Problem details: Reproduce exactly the final portion of the data: every line from the one containing "From mathcomp Require" through the last line, inclusive.

Input data:
(* Let $r\in\mathbb{N}$ and $w,v\in\mathbb{YF}^r$. Then $$d_r(w,v)=\sum_{l=0}^{h(w,v)} d_1(s(w),s(v),l)\cdot r^{\#v-\#w-e(v[l])}.$$
   Context: Fix $r\in\mathbb{N}$. Words and statistics. Consider finite words over $\{1_1,\dots,1_r,2\}$. A letter $1_i$ is a one with digit value $1$; $2$ is a two with digit value $2$. $|x|$ is the sum of digit values, $\#x$ the number of letters, $e(x)$ the number of ones. The graph $\mathbb{YF}^r$. It is the graded graph on all finite words, graded by $|\cdot|$. From $x$ there is a downward edge to every word obtained by one of two operations: (i) delete the leftmost one; (ii) replace a $2$ lying left of the leftmost one (any $2$ if there are no ones) by $1_i$, with arbitrary $i$. $\mathbb{YF}=\mathbb{YF}^1$ (with $1:=1_1$). The map $s$ replaces every $1_i$ by $1$. Path counts. $d_r(x,y)$ is the number of downward paths $y=y_n\to\dots\to y_m=x$ with $|y_i|=i$. Suffix notation. $h(w,v)$ is the number of letters of the longest common suffix of $w,v$; $1_i\neq1_j$ for $i\ne j$. $x[l]$ is $x$ with its last $l$ letters deleted. The restricted path count $d_1(x,y,l)$. For $x,y\in\mathbb{YF}$ with common suffix $u$ of $l$ letters, $d_1(x,y,l)$ is the number of downward paths $y=y_nu\to\dots\to y_mu=x$ in $\mathbb{YF}$ with $|y_i|=i$ such that the words $y_i$ do not all end with the same letter. *)

From mathcomp Require Import all_boot all_order all_algebra.
Set Implicit Arguments. Unset Strict Implicit. Unset Printing Implicit Defensive.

Answer space:
From mathcomp Require Import all_boot all_order all_algebra.
Set Implicit Arguments. Unset Strict Implicit. Unset Printing Implicit Defensive.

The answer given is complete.